Give back an exact copy of the lines in the records below, from the line that has "exists x, [/\ 0 <= x, beta x < a & a < x]." through the line that has "by apply: none;", and nothing besides.

Given entries —
———
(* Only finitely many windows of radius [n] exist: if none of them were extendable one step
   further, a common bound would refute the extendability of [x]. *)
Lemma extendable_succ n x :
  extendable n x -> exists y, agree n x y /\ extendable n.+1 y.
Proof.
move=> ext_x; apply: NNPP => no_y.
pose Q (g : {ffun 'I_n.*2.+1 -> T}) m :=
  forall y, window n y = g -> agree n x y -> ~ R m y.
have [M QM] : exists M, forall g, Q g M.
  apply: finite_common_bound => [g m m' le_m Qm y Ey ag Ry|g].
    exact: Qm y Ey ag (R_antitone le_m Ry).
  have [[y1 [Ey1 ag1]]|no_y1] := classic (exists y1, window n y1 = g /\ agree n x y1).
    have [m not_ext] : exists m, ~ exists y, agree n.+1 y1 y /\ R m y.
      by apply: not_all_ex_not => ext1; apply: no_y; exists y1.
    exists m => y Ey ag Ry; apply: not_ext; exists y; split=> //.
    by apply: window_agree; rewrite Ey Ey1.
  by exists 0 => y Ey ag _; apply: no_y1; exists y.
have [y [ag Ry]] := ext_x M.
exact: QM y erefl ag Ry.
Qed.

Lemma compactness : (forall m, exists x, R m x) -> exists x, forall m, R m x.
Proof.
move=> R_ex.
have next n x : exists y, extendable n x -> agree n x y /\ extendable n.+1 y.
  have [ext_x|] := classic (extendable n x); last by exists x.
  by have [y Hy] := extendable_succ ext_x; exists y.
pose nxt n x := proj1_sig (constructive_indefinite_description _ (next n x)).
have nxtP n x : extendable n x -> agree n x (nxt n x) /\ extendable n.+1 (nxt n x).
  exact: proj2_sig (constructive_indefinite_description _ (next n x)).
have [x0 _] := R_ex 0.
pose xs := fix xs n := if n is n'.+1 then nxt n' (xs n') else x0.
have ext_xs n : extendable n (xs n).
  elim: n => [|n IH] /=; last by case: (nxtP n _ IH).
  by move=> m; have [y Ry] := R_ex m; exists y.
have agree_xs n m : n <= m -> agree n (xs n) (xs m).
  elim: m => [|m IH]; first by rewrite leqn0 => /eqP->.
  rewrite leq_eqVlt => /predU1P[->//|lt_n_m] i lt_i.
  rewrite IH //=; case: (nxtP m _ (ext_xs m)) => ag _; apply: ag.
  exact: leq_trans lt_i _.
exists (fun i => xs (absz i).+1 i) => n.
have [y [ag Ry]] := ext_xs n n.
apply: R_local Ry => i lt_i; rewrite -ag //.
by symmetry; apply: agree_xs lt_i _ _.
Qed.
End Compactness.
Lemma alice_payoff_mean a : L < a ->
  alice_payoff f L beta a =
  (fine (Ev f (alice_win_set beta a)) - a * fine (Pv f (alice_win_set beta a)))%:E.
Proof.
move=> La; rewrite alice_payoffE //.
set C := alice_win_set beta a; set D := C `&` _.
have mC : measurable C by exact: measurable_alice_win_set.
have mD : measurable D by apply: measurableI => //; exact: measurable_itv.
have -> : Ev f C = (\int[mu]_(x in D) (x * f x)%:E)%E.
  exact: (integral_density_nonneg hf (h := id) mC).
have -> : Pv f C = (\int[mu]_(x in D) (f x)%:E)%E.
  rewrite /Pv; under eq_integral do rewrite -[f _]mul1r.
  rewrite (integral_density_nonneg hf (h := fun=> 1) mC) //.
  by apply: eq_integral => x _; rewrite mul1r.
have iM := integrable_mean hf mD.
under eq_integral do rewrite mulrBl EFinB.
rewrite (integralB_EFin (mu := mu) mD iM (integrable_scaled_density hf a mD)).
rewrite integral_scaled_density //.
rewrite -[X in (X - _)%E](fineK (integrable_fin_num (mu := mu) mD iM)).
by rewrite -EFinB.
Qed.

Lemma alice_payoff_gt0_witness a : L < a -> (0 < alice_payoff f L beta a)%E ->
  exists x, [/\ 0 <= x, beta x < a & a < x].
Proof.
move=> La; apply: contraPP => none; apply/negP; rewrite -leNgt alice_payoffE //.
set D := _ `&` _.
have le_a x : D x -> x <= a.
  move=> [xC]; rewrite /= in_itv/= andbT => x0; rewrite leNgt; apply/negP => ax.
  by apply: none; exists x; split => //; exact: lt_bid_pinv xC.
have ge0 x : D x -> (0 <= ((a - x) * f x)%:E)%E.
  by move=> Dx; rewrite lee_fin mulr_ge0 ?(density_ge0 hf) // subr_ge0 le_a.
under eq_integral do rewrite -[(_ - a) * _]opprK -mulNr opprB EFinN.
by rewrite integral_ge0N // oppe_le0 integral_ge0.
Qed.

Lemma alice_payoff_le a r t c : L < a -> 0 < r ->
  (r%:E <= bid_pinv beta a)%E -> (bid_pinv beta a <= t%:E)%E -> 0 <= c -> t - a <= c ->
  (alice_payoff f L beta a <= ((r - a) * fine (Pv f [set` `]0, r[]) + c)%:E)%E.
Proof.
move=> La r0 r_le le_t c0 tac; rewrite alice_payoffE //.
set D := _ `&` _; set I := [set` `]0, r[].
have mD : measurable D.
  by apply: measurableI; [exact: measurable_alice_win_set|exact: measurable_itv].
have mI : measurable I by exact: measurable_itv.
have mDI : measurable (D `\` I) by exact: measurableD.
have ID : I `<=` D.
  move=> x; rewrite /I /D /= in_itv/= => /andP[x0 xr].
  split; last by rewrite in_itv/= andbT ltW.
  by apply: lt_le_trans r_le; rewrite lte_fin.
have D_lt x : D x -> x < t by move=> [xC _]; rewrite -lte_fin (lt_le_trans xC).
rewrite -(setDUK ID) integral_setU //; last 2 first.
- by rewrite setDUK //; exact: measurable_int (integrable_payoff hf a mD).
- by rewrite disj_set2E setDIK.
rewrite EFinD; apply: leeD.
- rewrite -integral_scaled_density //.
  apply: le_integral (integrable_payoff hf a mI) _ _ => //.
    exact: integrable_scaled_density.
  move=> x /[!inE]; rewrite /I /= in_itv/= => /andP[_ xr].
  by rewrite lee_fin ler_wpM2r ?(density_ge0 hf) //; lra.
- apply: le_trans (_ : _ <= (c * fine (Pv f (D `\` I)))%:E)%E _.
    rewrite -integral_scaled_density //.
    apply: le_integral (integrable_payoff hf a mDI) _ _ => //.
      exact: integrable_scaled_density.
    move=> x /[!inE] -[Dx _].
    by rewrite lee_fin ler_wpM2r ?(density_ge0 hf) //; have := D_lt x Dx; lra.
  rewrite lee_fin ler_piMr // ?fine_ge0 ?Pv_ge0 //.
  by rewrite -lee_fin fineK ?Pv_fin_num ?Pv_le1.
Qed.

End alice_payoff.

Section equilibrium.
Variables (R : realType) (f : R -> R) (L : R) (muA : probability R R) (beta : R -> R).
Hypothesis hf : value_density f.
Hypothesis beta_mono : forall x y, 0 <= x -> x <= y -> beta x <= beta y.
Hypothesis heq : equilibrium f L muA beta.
———
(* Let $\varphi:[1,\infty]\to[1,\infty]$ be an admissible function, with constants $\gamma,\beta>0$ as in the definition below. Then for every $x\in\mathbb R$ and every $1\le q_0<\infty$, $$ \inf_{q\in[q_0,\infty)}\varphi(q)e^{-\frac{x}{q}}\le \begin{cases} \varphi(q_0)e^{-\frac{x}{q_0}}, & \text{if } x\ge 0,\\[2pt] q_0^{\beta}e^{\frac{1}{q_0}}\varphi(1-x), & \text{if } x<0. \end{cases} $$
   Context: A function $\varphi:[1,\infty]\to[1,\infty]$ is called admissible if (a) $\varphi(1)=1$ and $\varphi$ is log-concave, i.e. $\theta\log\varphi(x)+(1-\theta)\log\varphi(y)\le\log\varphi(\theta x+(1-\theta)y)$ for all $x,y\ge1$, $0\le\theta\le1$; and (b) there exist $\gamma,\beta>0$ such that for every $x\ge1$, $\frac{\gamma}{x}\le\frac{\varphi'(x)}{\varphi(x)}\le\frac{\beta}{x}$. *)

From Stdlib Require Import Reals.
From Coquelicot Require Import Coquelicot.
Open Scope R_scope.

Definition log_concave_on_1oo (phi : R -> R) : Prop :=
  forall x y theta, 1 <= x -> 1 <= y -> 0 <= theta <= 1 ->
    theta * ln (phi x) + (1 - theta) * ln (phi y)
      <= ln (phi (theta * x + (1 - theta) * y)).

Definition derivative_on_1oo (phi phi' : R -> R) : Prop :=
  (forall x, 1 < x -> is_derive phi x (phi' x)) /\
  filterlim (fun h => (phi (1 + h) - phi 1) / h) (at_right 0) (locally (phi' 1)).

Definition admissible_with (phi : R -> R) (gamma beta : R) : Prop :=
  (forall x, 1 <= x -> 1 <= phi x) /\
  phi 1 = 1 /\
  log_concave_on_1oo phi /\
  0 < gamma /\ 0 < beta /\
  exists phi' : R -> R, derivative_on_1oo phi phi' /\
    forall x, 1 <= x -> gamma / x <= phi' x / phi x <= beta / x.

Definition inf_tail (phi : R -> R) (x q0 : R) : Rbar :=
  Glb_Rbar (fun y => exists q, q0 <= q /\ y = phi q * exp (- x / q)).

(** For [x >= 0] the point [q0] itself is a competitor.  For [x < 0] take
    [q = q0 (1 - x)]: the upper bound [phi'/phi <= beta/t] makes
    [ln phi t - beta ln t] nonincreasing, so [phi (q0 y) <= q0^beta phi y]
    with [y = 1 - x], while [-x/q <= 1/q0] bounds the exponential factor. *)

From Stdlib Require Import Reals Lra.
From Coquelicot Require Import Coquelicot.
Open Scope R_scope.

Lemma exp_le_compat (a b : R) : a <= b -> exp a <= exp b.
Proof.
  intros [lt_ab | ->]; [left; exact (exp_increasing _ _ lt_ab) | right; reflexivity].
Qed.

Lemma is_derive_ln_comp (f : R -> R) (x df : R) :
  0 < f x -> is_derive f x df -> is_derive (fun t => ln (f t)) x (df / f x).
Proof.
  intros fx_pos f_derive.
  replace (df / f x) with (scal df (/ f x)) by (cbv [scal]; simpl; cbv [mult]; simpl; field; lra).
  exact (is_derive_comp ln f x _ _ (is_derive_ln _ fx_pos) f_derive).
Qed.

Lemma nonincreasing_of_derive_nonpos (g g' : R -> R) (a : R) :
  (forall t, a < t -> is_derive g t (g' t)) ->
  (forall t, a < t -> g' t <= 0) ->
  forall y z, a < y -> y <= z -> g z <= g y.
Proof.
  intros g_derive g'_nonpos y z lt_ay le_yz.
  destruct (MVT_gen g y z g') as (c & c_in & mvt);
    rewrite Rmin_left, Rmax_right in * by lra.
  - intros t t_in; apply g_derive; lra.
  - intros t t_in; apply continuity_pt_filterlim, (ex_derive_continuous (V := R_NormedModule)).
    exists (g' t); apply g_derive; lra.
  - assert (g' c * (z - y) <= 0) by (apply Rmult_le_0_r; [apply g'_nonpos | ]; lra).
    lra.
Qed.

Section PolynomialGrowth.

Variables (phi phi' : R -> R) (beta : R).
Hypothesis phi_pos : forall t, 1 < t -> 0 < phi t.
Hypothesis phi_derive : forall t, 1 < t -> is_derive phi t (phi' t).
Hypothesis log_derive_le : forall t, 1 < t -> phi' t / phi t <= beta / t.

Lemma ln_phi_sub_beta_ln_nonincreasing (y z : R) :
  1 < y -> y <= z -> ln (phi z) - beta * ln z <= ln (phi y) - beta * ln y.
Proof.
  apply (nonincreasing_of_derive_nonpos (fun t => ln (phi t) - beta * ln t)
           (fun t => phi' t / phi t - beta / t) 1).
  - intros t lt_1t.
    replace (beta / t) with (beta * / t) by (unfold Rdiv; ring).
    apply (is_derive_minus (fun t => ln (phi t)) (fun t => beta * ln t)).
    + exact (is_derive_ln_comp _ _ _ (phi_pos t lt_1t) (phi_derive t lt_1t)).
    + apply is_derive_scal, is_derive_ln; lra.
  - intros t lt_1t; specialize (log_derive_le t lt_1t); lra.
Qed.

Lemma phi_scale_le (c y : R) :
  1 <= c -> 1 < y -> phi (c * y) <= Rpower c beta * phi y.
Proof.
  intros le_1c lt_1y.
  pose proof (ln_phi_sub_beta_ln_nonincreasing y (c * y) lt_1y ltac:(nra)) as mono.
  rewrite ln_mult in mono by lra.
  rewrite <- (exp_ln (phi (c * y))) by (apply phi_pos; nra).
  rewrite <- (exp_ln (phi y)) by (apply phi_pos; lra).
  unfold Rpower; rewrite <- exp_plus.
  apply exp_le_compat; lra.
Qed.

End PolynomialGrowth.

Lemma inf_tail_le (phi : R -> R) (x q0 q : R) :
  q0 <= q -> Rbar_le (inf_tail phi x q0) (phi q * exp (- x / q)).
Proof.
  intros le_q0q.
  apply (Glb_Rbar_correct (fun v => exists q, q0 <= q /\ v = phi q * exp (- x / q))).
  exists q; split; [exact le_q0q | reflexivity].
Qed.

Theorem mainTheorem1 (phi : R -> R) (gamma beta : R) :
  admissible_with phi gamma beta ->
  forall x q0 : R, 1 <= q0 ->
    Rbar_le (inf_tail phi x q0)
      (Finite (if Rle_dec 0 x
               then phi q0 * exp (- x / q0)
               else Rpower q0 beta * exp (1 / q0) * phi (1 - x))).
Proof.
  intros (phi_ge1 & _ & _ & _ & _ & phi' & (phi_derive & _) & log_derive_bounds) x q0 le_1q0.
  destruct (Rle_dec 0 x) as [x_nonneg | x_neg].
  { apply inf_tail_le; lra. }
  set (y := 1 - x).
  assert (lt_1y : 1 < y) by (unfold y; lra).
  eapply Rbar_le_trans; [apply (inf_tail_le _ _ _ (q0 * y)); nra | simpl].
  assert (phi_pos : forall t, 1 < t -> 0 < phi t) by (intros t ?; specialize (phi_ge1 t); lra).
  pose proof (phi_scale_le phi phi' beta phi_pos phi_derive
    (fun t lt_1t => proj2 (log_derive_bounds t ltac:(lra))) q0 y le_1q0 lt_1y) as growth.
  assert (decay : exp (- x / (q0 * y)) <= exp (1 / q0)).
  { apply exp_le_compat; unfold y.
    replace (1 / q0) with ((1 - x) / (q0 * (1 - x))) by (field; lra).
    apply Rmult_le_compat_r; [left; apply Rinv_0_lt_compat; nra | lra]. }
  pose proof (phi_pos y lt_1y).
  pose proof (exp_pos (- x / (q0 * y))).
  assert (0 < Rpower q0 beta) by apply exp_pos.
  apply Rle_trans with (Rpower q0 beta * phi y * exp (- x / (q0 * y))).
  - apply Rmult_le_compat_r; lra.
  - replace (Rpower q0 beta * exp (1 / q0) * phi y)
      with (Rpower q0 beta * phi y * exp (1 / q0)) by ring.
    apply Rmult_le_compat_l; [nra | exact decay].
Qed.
———
Finished task —
  exists x, [/\ 0 <= x, beta x < a & a < x].
Proof.
move=> La; apply: contraPP => none; apply/negP; rewrite -leNgt alice_payoffE //.
set D := _ `&` _.
have le_a x : D x -> x <= a.
  move=> [xC]; rewrite /= in_itv/= andbT => x0; rewrite leNgt; apply/negP => ax.
  by apply: none; exists x; split => //; exact: lt_bid_pinv xC.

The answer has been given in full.